La fin du prix de référence annuel du minerai de fer, et du charbon à coke, imposée par les grands mineurs diversifiés, va avoir des conséquences importantes pour le marché de l’acier. Jusqu’ici les grands consommateurs de produits plats, comme l’industrie automobile ou le secteur des produits blancs, avaient pris l’habitude de négocier avec leurs fournisseurs un tarif de référence annuel de leurs bobines, afin d’en limiter la volatilité.

 

« Nous avons besoin de trouver un moyen de s’adapter aux changements trimestriels des prix », a expliqué au Metal Bulletin Michael Pfitzner, le vice-président exécutif d’ArcelorMittal, en charge du marketing et de la coordination commerciale. « L’évolution de trimestre en trimestre du prix du minerai de fer doit être répercutée sur nos clients », a justifié le dirigeant du numéro un mondial de l’acier. Les prix ne grimperont pas obligatoirement a-t-il tenté de rassurer, soulignant qu’ils peuvent également évoluer à la baisse. S’il affirme que personne, y compris ArcelorMittal, ne peut être satisfait de cette évolution, il faut cependant rappeler que le sidérurgiste, dont la politique est d’augmenter son autosuffisance en intrants, profite, comme les mineurs, de la hausse des prix pour les minerais et le charbon qu’il extrait lui-même.

 

Pour les utilisateurs, ce passage à une fixation des prix pour une durée plus courte ne sera pas une nouveauté.

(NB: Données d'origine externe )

Lemma ranked_card_unit (M : Monad) (K : Type) : ranked M K -> card_le unit K.
Proof.
  intros HK. destruct (classic (inhabited K)) as [[k0] | HnK].
  - exists (fun _ => k0). intros [] [] _; reflexivity.
  - exfalso. destruct (HK unit (ret tt)) as [I [_ [_ [[_ Hnot] _]]]]. apply Hnot.
    exists (fun k => False_rect I (HnK (inhabits k))).
    intros x. exfalso. exact (HnK (inhabits x)).
Qed.

Lemma last_cons (X : Type) (r : list X) (y d : X) : last (y :: r) d = last r y.
Proof.
  revert y d; induction r as [| a r IH]; intros y d; [reflexivity |].
  change (last (a :: r) d = last (a :: r) y). rewrite !IH. reflexivity.
Qed.

Lemma last_app (X : Type) (r1 r2 : list X) (d : X) : last (r1 ++ r2) d = last r2 (last r1 d).
Proof.
  revert d; induction r1 as [| a r1 IH]; intros d; [reflexivity |].
  change ((a :: r1) ++ r2) with (a :: (r1 ++ r2)). rewrite !last_cons. apply IH.
Qed.

Section TraceEquivalence.
Variables (M : Monad) (K : Type) (F0 : Frame) (gen : M bool -> F0).
Hypothesis Hrel : lb0_relations gen.
Hypothesis HK : card_le unit K.

Local Notation S1 := (sim1 K gen).
Local Notation SIM := (sim K gen).
Local Notation CS := (chain_steps K gen).

Lemma gen_mapsto_unit (m : M unit) : gen (mapsto m tt) = ftop.
Proof.
  pose proof (proj1 (proj2 Hrel) unit unit m tt) as H. rewrite mthen_ret_unit in H. exact H.
Qed.
Lemma fT_fterm m (T : {set 'I_m}) : fT T z = fterm (iota 0 m) (set_bits T).
Proof. by rewrite /fT /fterm /set_bits !filter_mask !map_mask val_enum_ord -map_comp. Qed.

Lemma gpoly_gsum m : m != 1%N -> gpoly m z =E gsum (iota 0 m).
Proof.
move=> m_neq1 s; rewrite /gpoly (negbTE m_neq1) /gsum size_iota !Ecoef_Esum_filter.
rewrite -(perm_big _ (perm_set_bits m)) big_map big_mkcond [RHS]big_mkcond /=.
by apply: eq_bigr => T _; rewrite -card_set_bits fT_fterm.
Qed.

Variable k : nat.
Hypothesis even_parts_deg0 : forall i, Edeg0_ge k 1 (Epart false (z i)).

Lemma Edeg0_ge_prod_even l : Edeg0_ge k (size l) (prod_even l).
Proof.
elim: l => [|x l IHl] /=; first exact: Edeg0_ge0.
by rewrite -add1n; apply: Edeg0_geM.
Qed.

Lemma Edeg0_ge_prod_one_odd l : Edeg0_ge k (size l).-1 (prod_one_odd l).
Proof.
elim: l => [|x l IHl] /=; first exact: Edeg0_ge_nil.
apply: Edeg0_geD; last by rewrite -[size l]add0n; apply/Edeg0_geM/Edeg0_ge_prod_even/Edeg0_ge0.
by apply: Edeg0_geW (Edeg0_geM (even_parts_deg0 x) IHl); case: (size l).
Qed.

Lemma Edeg0_ge_gpoly m : Edeg0_ge k m.-1 (gpoly m z).
Proof.
have [-> | m_neq1] := eqVneq m 1%N; first exact: Edeg0_ge0.
apply: Edeg0_ge_eq (fun s => esym (gpoly_gsum m_neq1 s)) _.
apply: Edeg0_ge_eq (fun s => esym ((gsum_even_odd _).1 s)) _.
apply: Edeg0_geD; last by have := Edeg0_ge_prod_one_odd (iota 0 m); rewrite size_iota.
by apply: Edeg0_geW (Edeg0_ge_prod_even _); rewrite size_iota leq_pred.
Qed.

End GExpansion.

Section Identities.
Variables (F : fieldType) (k : nat) (u : nat -> Eexpr F).
Hypothesis odd_parts_deg0 : forall i, Edeg0_ge k 1 (Epart true (u i)).

Lemma comm_prod_Ecomm_Ezero x : ~~ odd k -> Ezero (Emul (comm_prod u k./2) (Ecomm (u k) x)).
Proof.
move=> k_even; apply: (Edeg0_ge_Ezero _ (Edeg0_geM
  (Edeg0_ge_comm_prod _ odd_parts_deg0)
  (Edeg0_ge_Ecomm (odd_parts_deg0 k) (Edeg0_ge0 _ _)))).
have := odd_double_half k; rewrite (negbTE k_even) add0n -muln2; lia.
Qed.

Lemma comm_prod_Ezero : odd k -> Ezero (comm_prod u k.+1./2).
Proof.
move=> k_odd; apply: (Edeg0_ge_Ezero _ (Edeg0_ge_comm_prod _ odd_parts_deg0)).
have := odd_double_half k.+1; rewrite /= k_odd add0n -muln2; lia.
Qed.

Variables (z : nat -> Eexpr F) (l : nat).
Hypotheses (two_neq0 : (2 : F) != 0) (l_le_k : (l <= k)%N).
Hypothesis even_parts_deg0 : forall i, Edeg0_ge k 1 (Epart false (z i)).

Let gpoly_deg0 : Edeg0_ge k (k - l + 2).-1 (gpoly (k - l + 2) z) :=
  Edeg0_ge_gpoly two_neq0 even_parts_deg0 _.

Lemma gpoly_comm_prod_Ezero :
  ~~ odd l -> Ezero (Emul (gpoly (k - l + 2) z) (comm_prod u l./2)).
Proof.
move=> l_even; apply: (Edeg0_ge_Ezero _
  (Edeg0_geM gpoly_deg0 (Edeg0_ge_comm_prod _ odd_parts_deg0))).
have := odd_double_half l; rewrite (negbTE l_even) add0n -muln2; lia.
Qed.

Lemma Ecomm_gpoly_comm_prod_Ezero : odd l ->
  Ezero (Emul (Ecomm (gpoly (k - l + 2) z) (u 0%N)) (comm_prod (fun i => u i.+1) l./2)).
Proof.
move=> l_odd; apply: (Edeg0_ge_Ezero _ (Edeg0_geM
  (Edeg0_ge_Ecomm (Edeg0_ge_Epart true gpoly_deg0) (odd_parts_deg0 0))
  (Edeg0_ge_comm_prod _ (fun i => odd_parts_deg0 i.+1)))).
have := odd_double_half l; rewrite l_odd -muln2; lia.
Qed.

Lemma gpoly_Ecomm_comm_prod_Ezero : odd l ->
  Ezero (Emul (Emul (gpoly (k - l + 2) z) (Ecomm (z (k - l + 2)%N) (u 0%N)))
              (comm_prod (fun i => u i.+1) l./2)).
Proof.
move=> l_odd; apply: (Edeg0_ge_Ezero _ (Edeg0_geM
  (Edeg0_geM gpoly_deg0 (Edeg0_ge_Ecomm (Edeg0_ge0 _ _) (odd_parts_deg0 0)))
  (Edeg0_ge_comm_prod _ (fun i => odd_parts_deg0 i.+1)))).
have := odd_double_half l; rewrite l_odd -muln2; lia.
Qed.

End Identities.

Section Homogeneous.
Variables (F : fieldType) (k : nat).
Implicit Type a : Eexpr F.

Lemma Ehomog_neg_Ezero (d : int) a : d < 0 -> Ehomog k d a -> Ezero a.
Proof. by move=> d_lt0 a_d s; apply: contraTeq d_lt0 => /a_d <-. Qed.

Lemma Edeg0_ge_Epart_homog (d : nat) e a :
  Ehomog k d%:Z a -> odd d != e -> Edeg0_ge k 1 (Epart e a).
Proof.
move=> a_d d_Ne; apply: Edeg0_ge_coef => s; rewrite Ecoef_Epart.
case: ifP => [/eqP s_e|_]; last by rewrite eqxx.
move=> /a_d /eqP; rewrite eqz_nat => /eqP s_d.
have size_s : (count (fun i => i < k) s + d)%N = size s.
  rewrite -s_d -(count_predC (fun i => i < k)%N); congr addn.
  by apply: eq_count => i; rewrite /= -leqNgt.
by rewrite lt0n; apply: contra_neq d_Ne => count0; rewrite -s_e -size_s count0.
Qed.

End Homogeneous.

Theorem mainTheorem13 (F : fieldType) (k : nat) :
  [pchar F] =i pred0 -> (0 < k)%N ->
  (* (1) x with alpha(x) < 0 *)
  (forall (d : int) (a : Eexpr F), d < 0 -> Ehomog k d a -> Ezero a) /\
  (* (2) [x1,x2,x3] for all degrees *)
  (forall (d1 d2 d3 : int) (a1 a2 a3 : Eexpr F),
      Ehomog k d1 a1 -> Ehomog k d2 a2 -> Ehomog k d3 a3 ->
      Ezero (Ecomm (Ecomm a1 a2) a3)) /\
  (* (3) k even: [y1,y2]...[y_(k-1),y_k][y_(k+1),x] *)
  (~~ odd k -> forall (y : nat -> Eexpr F) (d : int) (x : Eexpr F),
      (forall i, Ehomog k 0 (y i)) -> Ehomog k d x ->
      Ezero (Emul (comm_prod y k./2) (Ecomm (y k) x))) /\
  (* (4) k odd: [y1,y2]...[y_k,y_(k+1)] *)
  (odd k -> forall (y : nat -> Eexpr F),
      (forall i, Ehomog k 0 (y i)) ->
      Ezero (comm_prod y k.+1./2)) /\
  (* (5) even l <= k *)
  (forall (l : nat), ~~ odd l -> (l <= k)%N ->
   forall (dz du : nat -> nat) (z u : nat -> Eexpr F),
      (forall i, odd (dz i)) -> (forall i, ~~ odd (du i)) ->
      (forall i, Ehomog k (dz i)%:Z (z i)) -> (forall i, Ehomog k (du i)%:Z (u i)) ->
      Ezero (Emul (gpoly (k - l + 2) z) (comm_prod u l./2))) /\
  (* (6) odd l <= k *)
  (forall (l : nat), odd l -> (l <= k)%N ->
   forall (dz du : nat -> nat) (z u : nat -> Eexpr F),
      (forall i, odd (dz i)) -> (forall i, ~~ odd (du i)) ->
      (forall i, Ehomog k (dz i)%:Z (z i)) -> (forall i, Ehomog k (du i)%:Z (u i)) ->
      Ezero (Emul (Ecomm (gpoly (k - l + 2) z) (u 0%N))
                  (comm_prod (fun i => u i.+1) l./2))) /\
  (* (7) odd l <= k *)
  (forall (l : nat), odd l -> (l <= k)%N ->
   forall (dz du : nat -> nat) (z u : nat -> Eexpr F),
      (forall i, odd (dz i)) -> (forall i, ~~ odd (du i)) ->
      (forall i, Ehomog k (dz i)%:Z (z i)) -> (forall i, Ehomog k (du i)%:Z (u i)) ->
      Ezero (Emul (Emul (gpoly (k - l + 2) z) (Ecomm (z (k - l + 2)%N) (u 0%N)))
                  (comm_prod (fun i => u i.+1) l./2))).
Proof.
(* the argument also covers k = 0 *)
move=> char0 _.
have two_neq0 : (2 : F) != 0 by rewrite (pcharf0P F).1.
have odd_parts_deg0 du u : (forall i, ~~ odd (du i)) ->
    (forall i, Ehomog k (du i)%:Z (u i)) -> forall i, Edeg0_ge k 1 (Epart true (u i)).
  by move=> du_even u_du i; apply: (Edeg0_ge_Epart_homog (u_du i)); rewrite (negbTE (du_even i)).
have even_parts_deg0 dz z : (forall i, odd (dz i)) ->
    (forall i, Ehomog k (dz i)%:Z (z i)) -> forall i, Edeg0_ge k 1 (Epart false (z i)).
  by move=> dz_odd z_dz i; apply: (Edeg0_ge_Epart_homog (z_dz i)); rewrite dz_odd.
have y_deg0 y : (forall i, Ehomog k 0 (y i)) -> forall i, Edeg0_ge k 1 (Epart true (y i)).
  by move=> y0 i; apply: (Edeg0_ge_Epart_homog (d := 0%N) (y0 i)).
split; first exact: Ehomog_neg_Ezero.
split; first by move=> *; apply: Ecomm_Ecomm_Ezero.
split; first by move=> k_even y d x /y_deg0 y1 _; apply: comm_prod_Ecomm_Ezero.
split; first by move=> k_odd y /y_deg0 y1; apply: comm_prod_Ezero.
split.
  move=> l l_even l_le_k dz du z u /even_parts_deg0 dz_odd /odd_parts_deg0 du_even.
  by move=> /dz_odd z1 /du_even u1; apply: gpoly_comm_prod_Ezero.
split.
  move=> l l_odd l_le_k dz du z u /even_parts_deg0 dz_odd /odd_parts_deg0 du_even.
  by move=> /dz_odd z1 /du_even u1; apply: Ecomm_gpoly_comm_prod_Ezero.
move=> l l_odd l_le_k dz du z u /even_parts_deg0 dz_odd /odd_parts_deg0 du_even.
by move=> /dz_odd z1 /du_even u1; apply: gpoly_Ecomm_comm_prod_Ezero.
Qed.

Les prix des aciers inoxydables et spéciaux évoluent déjà sur une base mensuelle, en incluant une variable, « l’écart alliages » (voir tableaux G0703, et G0803), reflétant l’évolution des prix des métaux – chrome, nickel, molybdène, cobalt…– entrant dans la composition du métal allié. Plus volatils encore, les grands métaux de base, comme le cuivre, l’aluminium ou le zinc sont cotés chaque jour sur les places de marché spécialisées   comme le LME. L’instauration d’un écart intrants – minerai de fer, charbon à coke, manganèse – avait déjà été envisagée il y a deux ans, lors du puissant mouvement de hausse généralisé des métaux et des minerais.  

 

L’initiative d’ArcelorMittal tombe toutefois à un moment difficile, alors que les prix de l’acier semblent avoir stoppé leur ascension. Le cours de la billette sur le LME a reperdu tout le terrain gagné depuis le début de l’année. Dans une étude datée du 17 mai, Timna Tanners, une analyste d’UBS note que le taux d’utilisation des capacités dans la sidérurgie des Etats-Unis est remonté à 72%, contre pas plus de 50% en 2009. Assez pour alimenter un marché qui ne bénéficie plus du restockage. Atteignant 80%, la remontée du taux d’utilisation des aciéries a enrayé la hausse des prix de l’acier, constate l’analyste. Même en Chine le prix moyen de la tonne de laminé à chaud a reperdu une trentaine de dollars depuis le pic, 578 dollars, de la mi-avril.

 

En Europe, c’est la faiblesse de la reprise de la consommation d’acier qui a stoppé la hausse des prix une hausse qui a ajouté 50% aux prix depuis le début de l’année. La forte baisse en cours, pour le mois de mai, dans les ferrailles en est l’annonciatrice. Ceci n’a pas empêché ArcelorMittal d’annoncer de nouvelles hausses pour juillet : le laminé à chaud, le laminé à froid et le galvanisé coûteraient alors respectivement 650, 730 et 740 dollars par tonne. Soit des hausses de 250 euros depuis le quatrième trimestre 2009, a précisé Pfitzner. La baisse de l’euro protège la sidérurgie européenne contre les importations de produits ferreux. Elle doit cependant payer en dollars ses intrants alors qu’elle vend son acier en euros sur le marché local.